▶ _Exercise goal_
Scan the records beneath this line for the line holding "match z with" and the line holding "Definition Tinf (R", then transcribe exactly those two and all lines between.

▶ _Exercise inputs_
(* Let $\mu$ be a Borel probability measure on $\mathbb{C}$ with compact support, and let $E=\{z\in\widehat{\mathbb{C}}:T_{\{\infty\},\mu}(z)=1\}$. If $z\in E$ and $k\in\mathbb{N}$, then $f^{(k)}_\omega(z)\in E$ for $\mathbb{P}_\mu$-almost every $\omega\in\Omega_\mu$.
   Context: $f_c(z)=z^2+c$, extended to $\widehat{\mathbb{C}}$ by $f_c(\infty)=\infty$. $\mathbb{P}_\mu$ is the infinite product of $\mu$ on $\Omega_\mu=\prod_{n\ge1}\operatorname{supp}\mu$. For $\omega=(c_n)$, $f^{(n)}_\omega=f_{c_n}\circ\cdots\circ f_{c_1}$, and $T_{\{\infty\},\mu}(z)=\mathbb{P}_\mu(\{\omega: f^{(n)}_\omega(z)\to\infty \text{ as } n\to\infty\})$. *)

From HB Require Import structures.
From mathcomp Require Import all_boot all_order all_algebra.
From mathcomp Require Import all_classical all_reals all_analysis.
Import numFieldNormedType.Exports.
Set Implicit Arguments. Unset Strict Implicit. Unset Printing Implicit Defensive.
Import Order.TTheory GRing.Theory Num.Theory.
Local Open Scope classical_set_scope.
Local Open Scope ring_scope.

(* The complex plane C is modelled as R * R (z = x + i y  <->  (x, y)),
   with its Borel sigma-algebra (= product of the Borel sigma-algebras of R)
   and product topology. *)
Notation cplx R := (R * R)%type.

Definition cnorm2 (R : realType) (z : cplx R) : R := z.1 ^+ 2 + z.2 ^+ 2.

(* f_c(z) = z^2 + c, written in coordinates. *)
Definition fquad (R : realType) (c z : cplx R) : cplx R :=
  (z.1 ^+ 2 - z.2 ^+ 2 + c.1, 2 * z.1 * z.2 + c.2).

(* The Riemann sphere: None is the point at infinity. *)
Notation csphere R := (option (cplx R)).

Definition fhat (R : realType) (c : cplx R) (z : csphere R) : csphere R :=
  match z with None => None | Some w => Some (fquad c w) end.

(* Sequence space: omega = (c_1, c_2, ...) is stored as omega 0, omega 1, ... *)
Notation seqsp R := (nat -> cplx R).

(* Product sigma-algebra on the sequence space: generated by the
   coordinate maps omega |-> omega n. *)
Definition coord_sets (R : realType) : set (set (seqsp R)) :=
  [set A | exists n (B : set (cplx R)), measurable B /\
             A = (fun w : seqsp R => w n) @^-1` B].

Notation Omega R := (g_sigma_algebraType (@coord_sets R)).

Definition is_product_measure (R : realType)
  (mu : probability (cplx R) R) (P : probability (Omega R) R) : Prop :=
  forall (n : nat) (B : nat -> set (cplx R)),
    (forall i, measurable (B i)) ->
    P [set w : Omega R | forall i, (i < n)%N -> B i (w i)]
    = (\prod_(i < n) mu (B i))%E.

(* f^{(n)}_omega = f_{c_n} o ... o f_{c_1} *)
Fixpoint fiter (R : realType) (w : seqsp R) (n : nat) (z : csphere R) : csphere R :=
  match n with
  | O => z
  | S m => fhat (w m) (fiter w m z)
  end.

Definition tends_to_infty (R : realType) (u : nat -> csphere R) : Prop :=
  forall M : R, exists N : nat, forall n, (N <= n)%N ->
    match u n with None => true | Some w => M < cnorm2 w end.

Definition Tinf (R : realType) (P : probability (Omega R) R) (z : csphere R) : \bar R :=
  P [set w : Omega R | tends_to_infty (fun n => fiter w n z)].

Definition Eset (R : realType) (P : probability (Omega R) R) : set (csphere R) :=
  [set z | Tinf P z = 1%E].

Definition compact_support (R : realType) (mu : probability (cplx R) R) : Prop :=
  exists K : set (cplx R), compact K /\ mu (~` K) = 0%E.

(* The event "the orbit of z escapes" splits along the first k coordinates:
   a sequence escapes from z iff its tail (from index k on) escapes from the
   point f^(k)_w(z) reached after k steps.  As P is the infinite product of mu,
   splitting a sequence into its first k terms and its tail identifies P with
   the image of P x P, so Fubini gives
     T(z) = \int T(f^(k)_u(z)) dP(u).
   When T(z) = 1 the integrand, bounded by 1, must equal 1 almost everywhere. *)
From mathcomp Require Import all_boot all_order all_algebra.
From mathcomp Require Import all_classical all_reals all_analysis.
From mathcomp Require Import measurable_realfun zify lra.
Import numFieldNormedType.Exports.
Import Order.TTheory GRing.Theory Num.Theory.
Local Open Scope classical_set_scope.
Local Open Scope ring_scope.

Lemma big_ord_split_minn {T : Type} {idx : T} (op : Monoid.law idx)
    (n k : nat) (F : nat -> T) :
  \big[op/idx]_(i < n) F i =
  op (\big[op/idx]_(i < minn n k) F i) (\big[op/idx]_(i < n - k) F (i + k)%N).
Proof.
have [le_nk | lt_kn] := leqP n k.
  by move: le_nk; rewrite -subn_eq0 => /eqP ->; rewrite big_ord0 Monoid.mulm1.
rewrite -!(big_mkord xpredT F) -(big_mkord xpredT (fun i => F (i + k)%N)).
by rewrite (big_cat_nat (leq0n k) (ltnW lt_kn)) //= -{2}[k]add0n big_addn.
Qed.

Lemma ae_eq1_of_le1_integral1 {d : measure_display} {T : measurableType d}
    {R : realType} (P : probability T R) (f : T -> \bar R) :
  measurable_fun setT f -> (forall x, 0 <= f x <= 1)%E ->
  (\int[P]_x f x = 1)%E -> {ae P, forall x, f x = 1%E}.
Proof.
move=> mf f01 intf1.
have f_fin x : f x \is a fin_num.
  by have /andP[f0 f1] := f01 x; rewrite ge0_fin_numE // (le_lt_trans f1) ?ltry.
pose h x := (1 - f x)%E.
have h0 x : (0 <= h x)%E by rewrite sube_ge0 ?f_fin ?orbT //; case/andP: (f01 x).
have mh : measurable_fun setT h by apply: emeasurable_funB.
have int_hf : (\int[P]_x (h x + f x) = \int[P]_x h x + 1)%E.
  by rewrite ge0_integralD ?intf1 // => x _; case/andP: (f01 x).
have int_1 : (\int[P]_x (h x + f x) = 1)%E.
  rewrite (eq_integral (cst 1%E)) => [|x _]; last by rewrite /h subeK.
  by rewrite integral_cst // mul1e; exact: probability_setT.
have int_h0 : (\int[P]_x h x = 0)%E.
  move: int_hf; rewrite int_1; case: (\int[P]_x h x)%E => [r| |] //=.
  by rewrite -EFinD => -[r0]; congr EFin; lra.
have /(ae_eq_integral_abs P measurableT mh).1 : (\int[P]_x `|h x| = 0)%E.
  by rewrite (eq_integral h) // => x _; rewrite gee0_abs.
apply: filterS => x /(_ I) hx0.
by rewrite -(subeK 1%E (f_fin x)) [X in (X + _)%E]hx0 add0e.
Qed.

Lemma tends_to_infty_shift {R : realType} (u : nat -> csphere R) (k : nat) :
  tends_to_infty (fun n => u (n + k)%N) <-> tends_to_infty u.
Proof.
split => u_infty M; have [N uN] := u_infty M.
- exists (N + k)%N => n le_Nk_n; have := uN (n - k)%N.
  by rewrite subnK; [apply; lia | lia].
- by exists N => n le_Nn; apply: uN; lia.
Qed.

Lemma fiterD {R : realType} (w : seqsp R) (n k : nat) (z : csphere R) :
  fiter w (n + k) z = fiter (fun i => w (i + k)%N) n (fiter w k z).
Proof. by elim: n => //= n ->. Qed.

Lemma eq_fiter {R : realType} (w w' : seqsp R) (k : nat) (z : csphere R) :
  (forall i, (i < k)%N -> w i = w' i) -> fiter w k z = fiter w' k z.
Proof. by elim: k => //= k IH eq_ww'; rewrite eq_ww' // IH // => i /ltnW/eq_ww'. Qed.

Section sequence_space.
Context {R : realType}.

Definition escape (z : csphere R) : set (Omega R) :=
  [set w : Omega R | tends_to_infty (fun n => fiter w n z)].

Definition seqcat (k : nat) (p : Omega R * Omega R) : Omega R :=
  fun i => if (i < k)%N then p.1 i else p.2 (i - k)%N.

Lemma fiter_seqcat (k n : nat) (u v : Omega R) (z : csphere R) :
  fiter (seqcat k (u, v)) (n + k) z = fiter v n (fiter u k z).
Proof.
rewrite fiterD (@eq_fiter _ _ u k) => [|i ik]; last by rewrite /seqcat ik.
congr fiter; apply: funext => i.
by rewrite /seqcat ltnNge leq_addl addnK.
Qed.

Lemma xsection_seqcat_escape (k : nat) (z : csphere R) (u : Omega R) :
  xsection (seqcat k @^-1` escape z) u = escape (fiter u k z).
Proof.
rewrite /xsection; apply/funext => v /=; rewrite inE /escape /=.
apply/propext; rewrite -(tends_to_infty_shift _ k).
by rewrite (funext (fun n => fiter_seqcat k n u v z)).
Qed.

Definition cylinder (n : nat) (B : nat -> set (cplx R)) : set (Omega R) :=
  [set w : Omega R | forall i, (i < n)%N -> B i (w i)].

Definition cylinders : set (set (Omega R)) :=
  [set A | exists n B, (forall i, measurable (B i)) /\ A = cylinder n B].

Lemma measurable_coord (i : nat) : measurable_fun setT (fun w : Omega R => w i).
Proof. by move=> _ B mB; rewrite setTI; apply: sub_sigma_algebra; exists i, B. Qed.

Lemma measurable_cylinder (n : nat) (B : nat -> set (cplx R)) :
  (forall i, measurable (B i)) -> measurable (cylinder n B).
Proof.
move=> mB; have -> : cylinder n B = \bigcap_(i in [set i | (i < n)%N])
    ((fun w : Omega R => w i) @^-1` B i).
  by apply/seteqP; split => w wB i /wB.
apply: bigcap_measurableType => i _.
by rewrite -[_ @^-1` _]setTI; apply: measurable_coord.
Qed.

Lemma measurable_cylindersE : @measurable _ (Omega R) = <<s cylinders >>.
Proof.
apply/seteqP; split; apply: smallest_sub.
- exact: smallest_sigma_algebra.
- move=> _ [n [B [mB ->]]]; apply: sub_sigma_algebra.
  exists n.+1, (fun i => if i == n then B else setT); split.
    by move=> i; case: ifP.
  apply/seteqP; split => w /=.
  + by move=> Bw i _; case: ifP => // /eqP ->.
  + by move/(_ n (ltnSn n)); rewrite eqxx.
- exact: sigma_algebra_measurable.
- by move=> _ [n [B [mB ->]]]; exact: measurable_cylinder.
Qed.

Lemma cylinders_setI_closed : setI_closed cylinders.
Proof.
move=> _ _ [n1 [B1 [mB1 ->]]] [n2 [B2 [mB2 ->]]].
pose pad n (B : nat -> set (cplx R)) i := if (i < n)%N then B i else setT.
exists (maxn n1 n2), (fun i => pad n1 B1 i `&` pad n2 B2 i); split.
  by move=> i; apply: measurableI; rewrite /pad; case: ifP.
apply/seteqP; split => w /=.
- by move=> [B1w B2w] i _; rewrite /pad; split; case: ifP => // lt_i;
    [exact: B1w | exact: B2w].
- move=> Bw; split => i lt_in.
  + by have [] := Bw i (leq_trans lt_in (leq_maxl _ _)); rewrite /pad lt_in.
  + by have [] := Bw i (leq_trans lt_in (leq_maxr _ _)); rewrite /pad lt_in.
Qed.

Lemma measurable_seqcat (k : nat) : measurable_fun setT (seqcat k).
Proof.
apply: (@measurability _ _ _ _ setT (seqcat k) (@coord_sets R) erefl).
move=> _ [_ [n [B [mB ->]]] <-]; rewrite setTI.
have [lt_nk | le_kn] := ltnP n k.
- have -> : seqcat k @^-1` ((fun w : Omega R => w n) @^-1` B) =
      ((fun w : Omega R => w n) @^-1` B) `*` setT.
    by apply/seteqP; split => -[u v]; rewrite /seqcat /= lt_nk //; case.
  apply: measurableX => //; rewrite -[_ @^-1` _]setTI; exact: measurable_coord.
- have -> : seqcat k @^-1` ((fun w : Omega R => w n) @^-1` B) =
      setT `*` ((fun w : Omega R => w (n - k)%N) @^-1` B).
    by apply/seteqP; split => -[u v]; rewrite /seqcat /= ltnNge le_kn //; case.
  apply: measurableX => //; rewrite -[_ @^-1` _]setTI; exact: measurable_coord.
Qed.

Lemma seqcat_preimage_cylinder (k n : nat) (B : nat -> set (cplx R)) :
  seqcat k @^-1` cylinder n B =
  cylinder (minn n k) B `*` cylinder (n - k) (fun j => B (j + k)%N).
Proof.
apply/seteqP; split => -[u v] /=.
- move=> uvB; split => /= i lt_i.
  + have lt_ik : (i < k)%N by lia.
    by have := uvB i; rewrite /seqcat /= lt_ik; apply; lia.
  + have ge_ik : (i + k < k)%N = false by lia.
    by have := uvB (i + k)%N; rewrite /seqcat /= ge_ik addnK; apply; lia.
- move=> [uB vB] i lt_in; rewrite /seqcat /=; case: ltnP => [lt_ik | le_ki].
  + by apply: uB; lia.
  + by have := vB (i - k)%N; rewrite subnK //; apply; lia.
Qed.

Lemma product_measure_seqcat {mu : probability (cplx R) R}
    {P : probability (Omega R) R} (k : nat) {A : set (Omega R)} :
  is_product_measure mu P -> measurable A ->
  P A = pushforward (P \x P)%E (seqcat k) A.
Proof.
move=> hP mA.
apply: (measure_unique cylinders (fun _ => setT) measurable_cylindersE
  cylinders_setI_closed) => //.
- by move=> _; exists 0%N, (fun _ => setT); split => //; apply/seteqP; split.
- by apply/seteqP; split => // w _; exists 0%N.
- exact: measurable_seqcat.
- move=> mseqcat _ [n [B [mB ->]]].
  rewrite /= /pushforward seqcat_preimage_cylinder product_measure1E;
    try exact: measurable_cylinder.
  rewrite (hP n) // (big_ord_split_minn _ n k (fun i => mu (B i))).
  by congr (_ * _)%E; apply/esym/hP.
- by move=> _; rewrite (le_lt_trans (probability_le1 _ measurableT)) ?ltry.
Qed.

Fixpoint orbit (w : seqsp R) (z : cplx R) (n : nat) : cplx R :=
  if n is m.+1 then fquad (w m) (orbit w z m) else z.

Lemma fiter_Some (w : seqsp R) (z : cplx R) (n : nat) :
  fiter w n (Some z) = Some (orbit w z n).
Proof. by elim: n => //= n ->. Qed.

Lemma fiter_None (w : seqsp R) (n : nat) : fiter w n None = None.
Proof. by elim: n => //= n ->. Qed.

Lemma measurable_orbit_coords (z : cplx R) (n : nat) :
  measurable_fun setT (fun w : Omega R => (orbit w z n).1) /\
  measurable_fun setT (fun w : Omega R => (orbit w z n).2).
Proof.
elim: n => [|n [m1 m2]] /=; first by split; exact: measurable_cst.
have c1 := measurableT_comp measurable_fst (measurable_coord n).
have c2 := measurableT_comp measurable_snd (measurable_coord n).
split; apply: measurable_funD => //.
- by apply: measurable_funB; exact: measurable_funX.
- by apply: measurable_funM => //; apply: measurable_funM => //; exact: measurable_cst.
Qed.

Lemma measurable_escape (z : csphere R) : measurable (escape z).
Proof.
case: z => [z|]; last first.
  suff -> : escape None = setT by exact: measurableT.
  by apply/seteqP; split => // w _ M; exists 0%N => n _; rewrite fiter_None.
have -> : escape (Some z) = \bigcap_m \bigcup_N \bigcap_(n in [set n | (N <= n)%N])
    [set w : Omega R | m%:R < cnorm2 (orbit w z n)].
  apply/seteqP; split => w /=.
  - move=> w_infty m _; have [N wN] := w_infty m%:R; exists N => // n /= le_Nn.
    by have := wN n le_Nn; rewrite fiter_Some.
  - move=> w_infty M; have [N _ wN] := w_infty (Num.truncn M).+1 I.
    exists N => n le_Nn; rewrite fiter_Some (lt_trans (truncnS_gt M)) //.
    exact: wN.
apply: bigcapT_measurable => m; apply: bigcupT_measurable => N.
apply: bigcap_measurableType => n _.
have [m1 m2] := measurable_orbit_coords z n.
have mnorm : measurable_fun setT (fun w : Omega R => cnorm2 (orbit w z n)).
  by apply: measurable_funD; exact: measurable_funX.
have := mnorm measurableT _ (measurable_itv `]m%:R, +oo[); rewrite setTI.
by congr measurable; apply/seteqP; split => w /=; rewrite in_itv /= andbT.
Qed.

End sequence_space.

Theorem lemma3p6 (R : realType) (mu : probability (cplx R) R)
  (P : probability (Omega R) R) :
  compact_support mu -> is_product_measure mu P ->
  forall (z : csphere R) (k : nat), Eset P z ->
  {ae P, forall w : Omega R, Eset P (fiter w k z)}.
Proof.
move=> _ hP z k Ez.
have mA : measurable (seqcat k @^-1` escape z).
  by rewrite -[_ @^-1` _]setTI; apply: measurable_seqcat => //; exact: measurable_escape.
pose g u := P (escape (fiter u k z)).
have gE : g = P \o xsection (seqcat k @^-1` escape z).
  by apply: funext => u /=; rewrite xsection_seqcat_escape.
apply: (ae_eq1_of_le1_integral1 P g).
- by rewrite gE; exact: measurable_fun_xsection.
- by move=> u; rewrite measure_ge0 probability_le1 //; exact: measurable_escape.
- rewrite gE -[RHS]Ez /Tinf -/(escape z).
  by rewrite (product_measure_seqcat k hP (measurable_escape z)).
Qed.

▶ _Expected answer_
  match z with None => None | Some w => Some (fquad c w) end.

(* Sequence space: omega = (c_1, c_2, ...) is stored as omega 0, omega 1, ... *)
Notation seqsp R := (nat -> cplx R).

(* Product sigma-algebra on the sequence space: generated by the
   coordinate maps omega |-> omega n. *)
Definition coord_sets (R : realType) : set (set (seqsp R)) :=
  [set A | exists n (B : set (cplx R)), measurable B /\
             A = (fun w : seqsp R => w n) @^-1` B].

Notation Omega R := (g_sigma_algebraType (@coord_sets R)).

Definition is_product_measure (R : realType)
  (mu : probability (cplx R) R) (P : probability (Omega R) R) : Prop :=
  forall (n : nat) (B : nat -> set (cplx R)),
    (forall i, measurable (B i)) ->
    P [set w : Omega R | forall i, (i < n)%N -> B i (w i)]
    = (\prod_(i < n) mu (B i))%E.

(* f^{(n)}_omega = f_{c_n} o ... o f_{c_1} *)
Fixpoint fiter (R : realType) (w : seqsp R) (n : nat) (z : csphere R) : csphere R :=
  match n with
  | O => z
  | S m => fhat (w m) (fiter w m z)
  end.

Definition tends_to_infty (R : realType) (u : nat -> csphere R) : Prop :=
  forall M : R, exists N : nat, forall n, (N <= n)%N ->
    match u n with None => true | Some w => M < cnorm2 w end.

Definition Tinf (R : realType) (P : probability (Omega R) R) (z : csphere R) : \bar R :=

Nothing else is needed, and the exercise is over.